By SHANNON HAUGLAND
How will next year’s expected 478,000 cruise ship visitors affect Sitka?
What are the potential benefits and negative impacts?
How can Sitka prepare?
Filmmaker Ellen Frankenstein doesn’t know the answers – and maybe no one else does – but that’s not really the point of the new Artchange documentary “Cruise Boom.”
The first two “chapters” of the “documentary with evolving chapters” were released today on artchangeinc.org. They are called “Preparation“ and “Benefits and Impacts.”
“We’re aiming to follow what happens over the next year and a half,” said Frankenstein, who has more than 30 years of documentary filmmaking under her belt. “We don’t know what’s going to happen, but in the meanwhile we can generate conversation and dialogue and get people thinking. We’re not telling you what to think.”
Familiar faces featured in the film include Assembly members, Planning Commission members and multiple representatives of businesses and nonprofits connected to tourism. (The Planning Commission is currently working on addressing the influx in the short and long term.)

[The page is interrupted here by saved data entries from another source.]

Definition peel_condition (R S : {set W}) :=
  forall t, 0 < t -> #|[set x in S | t <= nbr_count R x]| <= k - t.

Inductive peelable : {set W} -> Prop :=
| peelable_small (X : {set W}) : #|X| <= k -> peelable X
| peelable_step (X R : {set W}) : R \subset X -> #|X| = #|R| + k ->
    peel_condition R (X :\: R) -> peelable R -> peelable X.

(* Listing S by decreasing number of neighbours in R, the [j]-th vertex has
   at most [k - j - 1] neighbours in R, i.e. it can be coloured greedily. *)
Lemma peel_condition_ranked (R S : {set W}) : #|S| <= k -> peel_condition R S ->
  exists s : seq W,
    [/\ uniq s, S =i s & {in s, forall x, nbr_count R x + index x s < k}].
Proof.
move=> leSk cond.
pose geR x y := nbr_count R y <= nbr_count R x.
have geR_tr : transitive geR by move=> y x z /[swap]; apply: leq_trans.
have geR_refl : reflexive geR by move=> x; apply: leqnn.
have geR_total : total geR by move=> x y; apply: leq_total.
pose s := sort geR (enum S).
have s_uniq : uniq s by rewrite sort_uniq enum_uniq.
have memS : S =i s by move=> x; rewrite mem_sort mem_enum.
exists s; split=> // x xs; set j := index x s.
have s_size : size s = #|S| by rewrite size_sort cardE.
have j_lt : j < size s by rewrite index_mem.
have above : {subset take j.+1 s <= [set y in S | nbr_count R x <= nbr_count R y]}.
  move=> y yt; have ys := mem_take yt; rewrite inE memS ys /=.
  apply: (sorted_leq_index geR_tr geR_refl (sort_sorted geR_total (enum S))) => //.
  by rewrite -ltnS; apply: index_ltn.
have := subset_leq_card (introT subsetP above); move/card_uniqP: (take_uniq j.+1 s_uniq) => ->.
rewrite size_takel //; case: (posnP (nbr_count R x)) => [-> _ | pos]; first by lia.
by move/leq_trans/(_ (cond _ pos)); lia.
Qed.

Lemma peel_card_excl (R S T : {set W}) t : T \subset S ->
  {in T, forall x, nbr_count R x < t} ->
  #|[set x in S | t <= nbr_count R x]| <= #|S| - #|T|.
Proof.
move=> sTS low; rewrite -[in #|T|](setIidPr sTS) -cardsD.
apply/subset_leq_card/subsetP => x; rewrite !inE => /andP [xS le_t]; rewrite xS andbT.
by apply: contraTN le_t => /low; rewrite ltnNge.
Qed.

Lemma free_color (s F : seq nat) : uniq s -> size F < size s ->
  exists2 c, c \in s & c \notin F.
Proof.
move=> s_uniq ltFs.
have [/hasP [c cs cF] | /hasPn sF] := boolP (has [predC F] s); first by exists c.
by move: ltFs; rewrite ltnNge uniq_leq_size // => c /sF /negPn.
Qed.

Variable L : W -> seq nat.
Hypothesis L_k : k_assignment k L.
Hypotheses (r_sym : symmetric r) (r_irr : irreflexive r).

Definition L_coloring_on (A : {set W}) (f : W -> nat) :=
  {in A, forall w, f w \in L w} /\ {in A &, forall u v, r u v -> f u != f v}.
(* Let $(H,\partial)$ be a left Cartan–Eilenberg system, with left couple $(A',E^1,\alpha,\beta,\gamma)$. Then there is a natural isomorphism $$W'\xrightarrow{\ \cong\ }\ker(\kappa)$$ of internal degree $0$, where $W'=\operatorname{colim}_s\operatorname{Rlim}_rK_\infty\operatorname{im}^rA'_s$ is Boardman's whole-plane obstruction group of the left couple and $\kappa\colon\operatorname{colim}_j\lim_iH(i,j)\to\lim_i\operatorname{colim}_jH(i,j)$ is the interchange morphism of the underlying Cartan–Eilenberg system. (No convergence hypothesis is assumed.)
   Context: Let $R$ be a ring and $\mathcal{A}$ the abelian category of $\mathbb{Z}$-graded $R$-modules (grading = internal degree). For a linearly ordered set $\mathcal{I}$, an $\mathcal{I}$-system $(H,\partial)$ consists of objects $H(i,j)\in\mathcal{A}$ for $i\le j$ in $\mathcal{I}$, functorial morphisms $\eta\colon H(i,j)\to H(i',j')$ of internal degree $0$ for $i\le i'$, $j\le j'$, and natural morphisms $\partial\colon H(j,k)\to H(i,j)$ of internal degree $-1$ for $i\le j\le k$ (commuting with the $\eta$'s), such that $H(i,j)\xrightarrow{\eta}H(i,k)\xrightarrow{\eta}H(j,k)\xrightarrow{\partial}H(i,j)$ is exact at each vertex for all $i\le j\le k$. A Cartan–Eilenberg system is a $\mathbb{Z}$-system; a left Cartan–Eilenberg system is a $(\mathbb{Z}\cup\{-\infty\})$-system, $-\infty$ being the least element; its underlying Cartan–Eilenberg system is its restriction to $\mathbb{Z}$. The left couple of a left Cartan–Eilenberg system: $A'_s=H(-\infty,s)$, $E^1_s=H(s-1,s)$, $\alpha_s=\eta\colon H(-\infty,s-1)\to H(-\infty,s)$, $\beta_s=\eta\colon H(-\infty,s)\to H(s-1,s)$, $\gamma_s=\partial\colon H(s-1,s)\to H(-\infty,s-1)$. For a sequence $\cdots\to A_{s-1}\xrightarrow{\alpha}A_s\to\cdots$: $A_\infty=\operatorname{colim}_sA_s$ with structure maps $\iota_s$; $\operatorname{im}^rA_s=\operatorname{im}(\alpha^r\colon A_{s-r}\to A_s)$; $K_\infty\operatorname{im}^rA_s=\ker(\iota_s)\cap\operatorname{im}^rA_s$; $W=\operatorname{colim}_s\operatorname{Rlim}_rK_\infty\operatorname{im}^rA_s$, where $\operatorname{Rlim}=\lim^1$. Limits over $i$ are along $\eta\colon H(i-1,j)\to H(i,j)$ as $i\to-\infty$, colimits over $j$ along $\eta\colon H(i,j)\to H(i,j+1)$. The interchange morphism $\kappa$ is the canonical morphism whose restriction to $\lim_iH(i,j)$ followed by projection to $\operatorname{colim}_jH(i,j)$ is $\lim_iH(i,j)\to H(i,j)\to\operatorname{colim}_jH(i,j)$. *)

(* Graded R-modules are modelled degreewise: an object of A is
   a family (M n)_{n : int} of left R-modules; a morphism of internal degree d
   is a family of R-linear maps M n -> N (n + d).  Limits, colimits and Rlim
   (= lim^1) of graded modules are computed degreewise, so everything below is
   stated for a fixed internal degree n.  Sequential colimits, limits and lim^1
   are represented concretely by representatives and their equivalence
   relations (the standard constructions in module categories). *)
From HB Require Import structures.
From mathcomp Require Import all_boot all_order all_algebra.
Set Implicit Arguments. Unset Strict Implicit. Unset Printing Implicit Defensive.
Import Order.TTheory GRing.Theory Num.Theory.
Local Open Scope ring_scope.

At one point in the documentary Assembly member Crystal Duncan goes over the issues presented by large increases in cruise visitors:
“You’re looking at things related to, how do we entertain them, how do we take care of them, how do we give them a positive experience?” she said. “But on the flip side, what about local residents?”
“The other thing is jobs,” said a Sitkan who works in retail. “There’s a lot of jobs out there that aren’t filled now, so how do you prepare for next year?”
Lisa Busch, director of the Sitka Sound Science Center, pointed to the problems of filling positions and affordable housing.
“We’re really excited to have visitors, but we’re just not ready. We’re not prepared,” Busch said. “The worst case scenario is that (Sitka) is not ready and so the experience is not good. The best case scenario is this remains a wonderful visitor destination and a great community to live in.”
Dozens of other questions and potential problems and benefits are raised throughout the documentary.
Also in the films, Chris McGraw, manager of the Sitka Sound Cruise Terminal, weighs in with his concerns about keeping Sitka livable.
“I feel like it’s partially our responsibility because we built this facility and are bringing the people in, and the last thing we want to do is say: ‘here you go, we’re dropping them all off at the light in downtown Sitka, and you deal with them.’ And I don’t want people to view the cruise ship passengers as a negative,” he said.
Atman Mehta, who is helping on the project, told the Sentinel that the idea is to document the present and get people looking ahead.
“This is a way we can talk about the influx of tourists next year. It’s a start, to think and to participate on how next summer goes,” he said. “It might raise ideas on how to evaluate and understand. And maybe to participate in public meetings, be part of the decisions on how the town is going to respond.”
Mehta, a 2021 graduate of the University of Chicago, is working on a documentary on a community outside Nome facing coastal erosion, in addition to helping Frankenstein on the Sitka documentary.
“A lot of documentaries are retrospective,” he said, while this one is “documenting the present and trying to keep up with things as they happen and try to get people to look forward.”
Frankenstein said her series will be “scratching the surface of a big issue. They’re works in progress.”
Frankenstein said she started thinking about this project with the arrival of the massive cruise liner Ovation of the Seas at the end of the summer, marking the end of a year with no visits by the major cruise lines.
“We all had that super quiet time with less tourists,” she said. She started hearing that next year may bring up to 400,000 cruise visitors.
What struck her was not only the staggering number of visitors in the forecast – much higher than Sitka has had in the past – but that the estimates kept rising, reaching 478,000.
“It just kept going up,” she said.
Frankenstein said such a huge influx of summertime cruise visitors has the potential of changing the town – for better or worse – and she wanted to tell that story.
“It’s meant to be a snapshot in time,” she said. “Documentaries made over time can show a transformation and help us look at what’s there. This isn’t statistical: I like to say documentaries are like rearranging the furniture – it’s moving it around to see things differently.”
Frankenstein said the experience she had with creating episodes in a “14 miles” series prompted her to go in a similar direction with “Cruise Boom,” at least at the outset. The first two episodes are less than 10 minutes each.
Frankenstein says she doesn’t know how the series will evolve.
The films were released for viewing online, and she’s hoping for community screenings and discussions starting sometime in January.
“We welcome feedback, and appreciate all the participants to date,” she said.